| Instructions to follow |
Of the entries below, restate word for word only the section that runs from the line with "and $x=y_1+\cdots+y_p$. *)" to the line with "Definition ideal_gen (S", counting both ends.

(Records from a data collection)
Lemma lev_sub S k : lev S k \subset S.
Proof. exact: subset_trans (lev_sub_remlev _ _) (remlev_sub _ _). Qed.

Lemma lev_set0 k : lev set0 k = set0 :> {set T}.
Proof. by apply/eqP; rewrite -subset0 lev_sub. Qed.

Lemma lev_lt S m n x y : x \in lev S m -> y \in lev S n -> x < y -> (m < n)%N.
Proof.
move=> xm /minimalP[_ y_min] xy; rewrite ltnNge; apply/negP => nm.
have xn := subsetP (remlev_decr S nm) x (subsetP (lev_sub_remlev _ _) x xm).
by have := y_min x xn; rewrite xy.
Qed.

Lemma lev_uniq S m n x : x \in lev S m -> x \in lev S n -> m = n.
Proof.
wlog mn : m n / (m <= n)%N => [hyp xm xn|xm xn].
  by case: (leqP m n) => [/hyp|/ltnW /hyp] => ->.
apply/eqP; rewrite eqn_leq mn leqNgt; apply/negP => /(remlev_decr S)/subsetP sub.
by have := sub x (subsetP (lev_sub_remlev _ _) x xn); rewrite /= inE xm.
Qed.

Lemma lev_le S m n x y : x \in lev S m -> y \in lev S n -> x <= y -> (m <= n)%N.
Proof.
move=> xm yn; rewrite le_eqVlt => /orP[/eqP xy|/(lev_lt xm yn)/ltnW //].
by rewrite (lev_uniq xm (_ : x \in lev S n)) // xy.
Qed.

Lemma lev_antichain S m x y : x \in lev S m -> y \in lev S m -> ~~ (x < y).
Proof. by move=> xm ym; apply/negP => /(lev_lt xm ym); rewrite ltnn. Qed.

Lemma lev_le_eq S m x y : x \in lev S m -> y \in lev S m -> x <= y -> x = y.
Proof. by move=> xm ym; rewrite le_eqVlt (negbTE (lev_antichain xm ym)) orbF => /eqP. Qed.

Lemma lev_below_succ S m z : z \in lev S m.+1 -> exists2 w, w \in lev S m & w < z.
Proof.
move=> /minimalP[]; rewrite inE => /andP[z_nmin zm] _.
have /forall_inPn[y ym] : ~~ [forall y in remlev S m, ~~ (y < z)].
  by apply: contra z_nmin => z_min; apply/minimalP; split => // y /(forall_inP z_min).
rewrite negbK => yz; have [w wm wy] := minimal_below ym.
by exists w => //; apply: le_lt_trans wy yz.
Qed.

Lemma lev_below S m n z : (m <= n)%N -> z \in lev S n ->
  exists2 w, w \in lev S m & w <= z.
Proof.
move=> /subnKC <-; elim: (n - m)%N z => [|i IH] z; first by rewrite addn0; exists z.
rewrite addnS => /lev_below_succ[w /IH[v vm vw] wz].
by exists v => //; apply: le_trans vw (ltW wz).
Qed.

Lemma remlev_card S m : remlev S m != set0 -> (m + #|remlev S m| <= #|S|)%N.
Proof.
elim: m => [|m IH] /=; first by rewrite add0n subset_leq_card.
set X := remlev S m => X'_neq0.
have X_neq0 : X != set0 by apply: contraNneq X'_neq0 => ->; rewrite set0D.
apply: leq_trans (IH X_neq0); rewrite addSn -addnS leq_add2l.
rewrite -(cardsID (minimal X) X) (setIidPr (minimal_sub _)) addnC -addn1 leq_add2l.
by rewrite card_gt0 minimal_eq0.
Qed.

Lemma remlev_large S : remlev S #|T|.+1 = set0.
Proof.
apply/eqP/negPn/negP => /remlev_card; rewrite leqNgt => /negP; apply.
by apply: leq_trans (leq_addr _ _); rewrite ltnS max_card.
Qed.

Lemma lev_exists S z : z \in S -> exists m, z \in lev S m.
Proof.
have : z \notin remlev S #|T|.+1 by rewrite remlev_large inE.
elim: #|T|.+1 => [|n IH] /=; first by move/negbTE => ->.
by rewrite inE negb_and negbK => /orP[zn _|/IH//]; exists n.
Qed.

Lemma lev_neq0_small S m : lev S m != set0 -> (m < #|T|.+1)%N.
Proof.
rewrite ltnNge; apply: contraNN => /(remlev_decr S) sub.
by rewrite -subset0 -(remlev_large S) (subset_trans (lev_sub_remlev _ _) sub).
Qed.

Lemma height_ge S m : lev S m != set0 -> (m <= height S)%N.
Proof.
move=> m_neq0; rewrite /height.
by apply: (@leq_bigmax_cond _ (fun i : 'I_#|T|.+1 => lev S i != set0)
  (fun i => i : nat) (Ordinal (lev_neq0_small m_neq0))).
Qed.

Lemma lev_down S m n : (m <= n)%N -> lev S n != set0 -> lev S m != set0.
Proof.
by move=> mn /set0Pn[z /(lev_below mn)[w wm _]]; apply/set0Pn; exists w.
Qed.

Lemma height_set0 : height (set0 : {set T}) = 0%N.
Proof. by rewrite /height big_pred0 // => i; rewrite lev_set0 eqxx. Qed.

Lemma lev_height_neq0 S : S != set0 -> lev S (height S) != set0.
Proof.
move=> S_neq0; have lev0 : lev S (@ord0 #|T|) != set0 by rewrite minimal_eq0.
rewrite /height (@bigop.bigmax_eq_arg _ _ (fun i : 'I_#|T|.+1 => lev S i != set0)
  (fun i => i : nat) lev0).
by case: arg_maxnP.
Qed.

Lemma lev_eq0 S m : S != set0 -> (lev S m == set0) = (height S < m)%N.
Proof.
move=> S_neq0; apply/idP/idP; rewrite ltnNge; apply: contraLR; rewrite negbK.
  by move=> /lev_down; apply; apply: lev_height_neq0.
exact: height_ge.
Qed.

...

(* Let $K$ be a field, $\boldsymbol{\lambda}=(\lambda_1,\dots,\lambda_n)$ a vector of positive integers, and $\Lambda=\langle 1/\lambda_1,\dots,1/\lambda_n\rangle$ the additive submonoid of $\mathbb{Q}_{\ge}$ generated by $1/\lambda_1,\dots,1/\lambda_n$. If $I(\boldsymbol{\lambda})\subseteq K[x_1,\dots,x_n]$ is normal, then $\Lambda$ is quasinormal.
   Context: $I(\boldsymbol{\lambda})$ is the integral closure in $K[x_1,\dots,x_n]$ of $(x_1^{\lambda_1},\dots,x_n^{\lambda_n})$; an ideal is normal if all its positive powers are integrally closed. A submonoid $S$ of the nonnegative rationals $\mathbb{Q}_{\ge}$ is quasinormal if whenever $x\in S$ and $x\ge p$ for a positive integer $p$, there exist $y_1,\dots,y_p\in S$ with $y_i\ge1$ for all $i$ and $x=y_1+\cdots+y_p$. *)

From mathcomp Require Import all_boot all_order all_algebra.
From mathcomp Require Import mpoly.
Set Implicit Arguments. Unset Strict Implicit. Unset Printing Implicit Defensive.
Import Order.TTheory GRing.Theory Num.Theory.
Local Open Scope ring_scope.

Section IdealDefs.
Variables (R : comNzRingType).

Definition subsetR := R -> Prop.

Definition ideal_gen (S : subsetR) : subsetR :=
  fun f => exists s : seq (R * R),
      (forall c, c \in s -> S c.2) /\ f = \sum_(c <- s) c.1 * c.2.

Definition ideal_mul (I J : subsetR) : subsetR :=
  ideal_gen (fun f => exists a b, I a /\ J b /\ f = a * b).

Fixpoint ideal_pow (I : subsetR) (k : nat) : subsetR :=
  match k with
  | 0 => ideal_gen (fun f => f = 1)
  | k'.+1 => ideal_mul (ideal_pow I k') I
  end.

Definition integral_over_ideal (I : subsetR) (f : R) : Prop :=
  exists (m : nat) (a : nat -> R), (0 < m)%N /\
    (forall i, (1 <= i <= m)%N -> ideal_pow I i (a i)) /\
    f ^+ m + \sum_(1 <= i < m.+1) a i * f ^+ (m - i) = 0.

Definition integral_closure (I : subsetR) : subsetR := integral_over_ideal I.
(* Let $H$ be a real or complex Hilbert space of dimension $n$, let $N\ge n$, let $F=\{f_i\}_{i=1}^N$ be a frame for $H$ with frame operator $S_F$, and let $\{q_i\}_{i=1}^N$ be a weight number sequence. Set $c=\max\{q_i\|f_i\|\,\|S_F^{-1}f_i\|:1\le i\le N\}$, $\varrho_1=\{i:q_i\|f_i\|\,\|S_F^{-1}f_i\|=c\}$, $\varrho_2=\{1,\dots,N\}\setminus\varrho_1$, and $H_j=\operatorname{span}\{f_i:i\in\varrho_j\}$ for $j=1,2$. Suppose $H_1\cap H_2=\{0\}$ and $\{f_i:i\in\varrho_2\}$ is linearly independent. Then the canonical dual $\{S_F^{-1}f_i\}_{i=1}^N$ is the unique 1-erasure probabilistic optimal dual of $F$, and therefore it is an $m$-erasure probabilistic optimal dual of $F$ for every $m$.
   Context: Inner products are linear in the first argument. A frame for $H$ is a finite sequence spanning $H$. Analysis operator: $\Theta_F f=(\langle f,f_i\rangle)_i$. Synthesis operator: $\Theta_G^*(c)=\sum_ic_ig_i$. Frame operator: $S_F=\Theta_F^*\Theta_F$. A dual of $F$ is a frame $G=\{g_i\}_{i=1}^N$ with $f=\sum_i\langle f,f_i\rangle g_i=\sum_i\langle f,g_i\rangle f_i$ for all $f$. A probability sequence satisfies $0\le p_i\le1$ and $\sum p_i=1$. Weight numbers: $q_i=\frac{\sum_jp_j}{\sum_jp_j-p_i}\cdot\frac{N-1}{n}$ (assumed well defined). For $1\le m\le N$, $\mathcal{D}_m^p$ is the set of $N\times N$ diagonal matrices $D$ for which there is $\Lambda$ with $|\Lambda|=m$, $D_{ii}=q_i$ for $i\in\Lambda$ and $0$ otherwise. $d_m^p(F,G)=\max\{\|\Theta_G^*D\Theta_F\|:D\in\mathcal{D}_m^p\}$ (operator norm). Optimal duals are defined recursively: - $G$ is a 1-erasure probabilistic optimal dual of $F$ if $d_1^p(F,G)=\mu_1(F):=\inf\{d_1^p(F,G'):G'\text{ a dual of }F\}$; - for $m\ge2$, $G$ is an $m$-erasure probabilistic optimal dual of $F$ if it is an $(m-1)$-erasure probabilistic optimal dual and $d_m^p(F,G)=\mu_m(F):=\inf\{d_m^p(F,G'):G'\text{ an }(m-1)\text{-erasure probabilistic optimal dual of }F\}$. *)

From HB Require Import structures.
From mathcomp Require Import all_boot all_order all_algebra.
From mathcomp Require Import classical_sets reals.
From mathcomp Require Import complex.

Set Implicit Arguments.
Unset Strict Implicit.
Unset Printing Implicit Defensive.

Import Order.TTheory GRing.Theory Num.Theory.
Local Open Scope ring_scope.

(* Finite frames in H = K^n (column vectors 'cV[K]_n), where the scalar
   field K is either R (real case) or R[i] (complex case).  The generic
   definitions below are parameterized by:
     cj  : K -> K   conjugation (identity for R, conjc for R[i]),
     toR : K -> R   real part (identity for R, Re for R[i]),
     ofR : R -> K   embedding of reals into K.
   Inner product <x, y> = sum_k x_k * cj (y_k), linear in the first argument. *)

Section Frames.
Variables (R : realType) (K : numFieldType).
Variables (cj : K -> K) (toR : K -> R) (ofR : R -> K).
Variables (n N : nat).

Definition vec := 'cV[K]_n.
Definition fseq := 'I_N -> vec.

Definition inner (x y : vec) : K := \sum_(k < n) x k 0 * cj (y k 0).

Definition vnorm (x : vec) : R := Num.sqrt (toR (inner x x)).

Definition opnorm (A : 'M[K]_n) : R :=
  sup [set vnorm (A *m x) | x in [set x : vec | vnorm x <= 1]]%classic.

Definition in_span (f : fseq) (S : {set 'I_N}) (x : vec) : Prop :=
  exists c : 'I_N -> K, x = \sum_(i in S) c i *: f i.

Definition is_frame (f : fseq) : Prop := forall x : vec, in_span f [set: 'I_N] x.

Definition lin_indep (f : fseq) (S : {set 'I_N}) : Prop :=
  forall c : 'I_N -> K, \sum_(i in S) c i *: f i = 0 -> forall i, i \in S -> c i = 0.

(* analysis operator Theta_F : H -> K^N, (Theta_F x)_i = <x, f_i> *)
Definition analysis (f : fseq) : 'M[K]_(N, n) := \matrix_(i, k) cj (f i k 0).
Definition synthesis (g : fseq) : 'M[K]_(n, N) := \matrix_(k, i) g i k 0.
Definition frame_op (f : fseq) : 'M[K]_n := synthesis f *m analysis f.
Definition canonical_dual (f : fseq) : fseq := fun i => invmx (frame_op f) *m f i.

==

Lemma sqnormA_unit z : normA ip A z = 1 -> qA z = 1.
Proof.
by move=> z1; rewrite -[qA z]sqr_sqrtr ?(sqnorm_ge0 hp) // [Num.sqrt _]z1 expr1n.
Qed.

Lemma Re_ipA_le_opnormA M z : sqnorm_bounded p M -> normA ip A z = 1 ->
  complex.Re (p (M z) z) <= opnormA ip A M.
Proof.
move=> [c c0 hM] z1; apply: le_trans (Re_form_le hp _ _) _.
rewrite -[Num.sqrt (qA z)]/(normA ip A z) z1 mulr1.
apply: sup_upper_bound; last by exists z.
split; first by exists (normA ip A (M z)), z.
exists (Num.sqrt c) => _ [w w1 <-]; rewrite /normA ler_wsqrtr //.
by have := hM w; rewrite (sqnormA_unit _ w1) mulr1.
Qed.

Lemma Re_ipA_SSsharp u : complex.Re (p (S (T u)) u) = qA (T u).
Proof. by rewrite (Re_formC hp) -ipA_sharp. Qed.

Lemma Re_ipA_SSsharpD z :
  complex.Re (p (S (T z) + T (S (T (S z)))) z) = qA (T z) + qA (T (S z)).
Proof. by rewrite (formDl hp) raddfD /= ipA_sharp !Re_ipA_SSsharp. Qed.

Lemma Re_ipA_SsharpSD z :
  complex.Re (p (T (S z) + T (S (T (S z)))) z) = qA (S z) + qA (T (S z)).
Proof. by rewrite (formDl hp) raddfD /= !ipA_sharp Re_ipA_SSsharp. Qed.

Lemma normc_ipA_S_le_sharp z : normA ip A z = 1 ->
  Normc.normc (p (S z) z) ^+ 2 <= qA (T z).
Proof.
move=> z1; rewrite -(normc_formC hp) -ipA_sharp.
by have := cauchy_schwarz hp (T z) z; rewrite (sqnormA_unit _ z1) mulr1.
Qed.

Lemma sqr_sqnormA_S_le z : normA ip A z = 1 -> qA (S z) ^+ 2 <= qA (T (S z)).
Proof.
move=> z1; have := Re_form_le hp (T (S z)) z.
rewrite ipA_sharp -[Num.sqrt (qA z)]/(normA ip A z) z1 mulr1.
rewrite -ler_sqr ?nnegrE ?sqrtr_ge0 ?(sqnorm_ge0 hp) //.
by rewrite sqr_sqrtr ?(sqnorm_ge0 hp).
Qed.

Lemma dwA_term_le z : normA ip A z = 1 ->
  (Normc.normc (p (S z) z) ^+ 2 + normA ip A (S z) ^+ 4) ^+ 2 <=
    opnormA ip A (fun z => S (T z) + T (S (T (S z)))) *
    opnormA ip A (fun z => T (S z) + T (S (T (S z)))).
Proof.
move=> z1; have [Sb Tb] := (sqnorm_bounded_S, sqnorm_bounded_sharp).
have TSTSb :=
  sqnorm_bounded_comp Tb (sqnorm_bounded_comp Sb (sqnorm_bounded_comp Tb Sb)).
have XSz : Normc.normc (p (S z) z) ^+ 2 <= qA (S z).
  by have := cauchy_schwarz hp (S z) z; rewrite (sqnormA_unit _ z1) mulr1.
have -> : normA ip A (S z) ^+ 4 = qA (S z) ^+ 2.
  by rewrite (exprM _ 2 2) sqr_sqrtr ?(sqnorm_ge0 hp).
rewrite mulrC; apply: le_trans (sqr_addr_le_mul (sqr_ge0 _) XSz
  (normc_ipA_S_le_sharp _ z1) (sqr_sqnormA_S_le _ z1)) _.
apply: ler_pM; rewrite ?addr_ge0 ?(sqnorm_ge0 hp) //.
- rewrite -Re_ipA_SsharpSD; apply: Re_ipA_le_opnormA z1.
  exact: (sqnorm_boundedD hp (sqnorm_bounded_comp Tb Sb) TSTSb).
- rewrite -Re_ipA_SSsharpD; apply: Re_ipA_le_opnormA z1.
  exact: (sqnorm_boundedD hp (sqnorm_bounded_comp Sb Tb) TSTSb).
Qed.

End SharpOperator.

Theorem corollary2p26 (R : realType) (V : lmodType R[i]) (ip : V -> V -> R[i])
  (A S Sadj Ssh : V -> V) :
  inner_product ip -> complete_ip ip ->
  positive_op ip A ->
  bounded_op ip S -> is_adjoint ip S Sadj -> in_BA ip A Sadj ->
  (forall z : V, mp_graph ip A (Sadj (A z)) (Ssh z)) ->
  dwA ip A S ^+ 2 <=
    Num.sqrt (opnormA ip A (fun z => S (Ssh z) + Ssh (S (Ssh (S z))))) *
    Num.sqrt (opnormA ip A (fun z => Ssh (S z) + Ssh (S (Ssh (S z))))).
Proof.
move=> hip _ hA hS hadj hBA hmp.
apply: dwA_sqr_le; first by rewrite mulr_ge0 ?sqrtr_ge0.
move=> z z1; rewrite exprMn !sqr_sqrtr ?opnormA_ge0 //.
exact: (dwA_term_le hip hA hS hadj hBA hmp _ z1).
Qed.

| Answer to this problem |
   Context: $I(\boldsymbol{\lambda})$ is the integral closure in $K[x_1,\dots,x_n]$ of $(x_1^{\lambda_1},\dots,x_n^{\lambda_n})$; an ideal is normal if all its positive powers are integrally closed. A submonoid $S$ of the nonnegative rationals $\mathbb{Q}_{\ge}$ is quasinormal if whenever $x\in S$ and $x\ge p$ for a positive integer $p$, there exist $y_1,\dots,y_p\in S$ with $y_i\ge1$ for all $i$ and $x=y_1+\cdots+y_p$. *)

From mathcomp Require Import all_boot all_order all_algebra.
From mathcomp Require Import mpoly.
Set Implicit Arguments. Unset Strict Implicit. Unset Printing Implicit Defensive.
Import Order.TTheory GRing.Theory Num.Theory.
Local Open Scope ring_scope.

Section IdealDefs.
Variables (R : comNzRingType).

Definition subsetR := R -> Prop.

Definition ideal_gen (S : subsetR) : subsetR :=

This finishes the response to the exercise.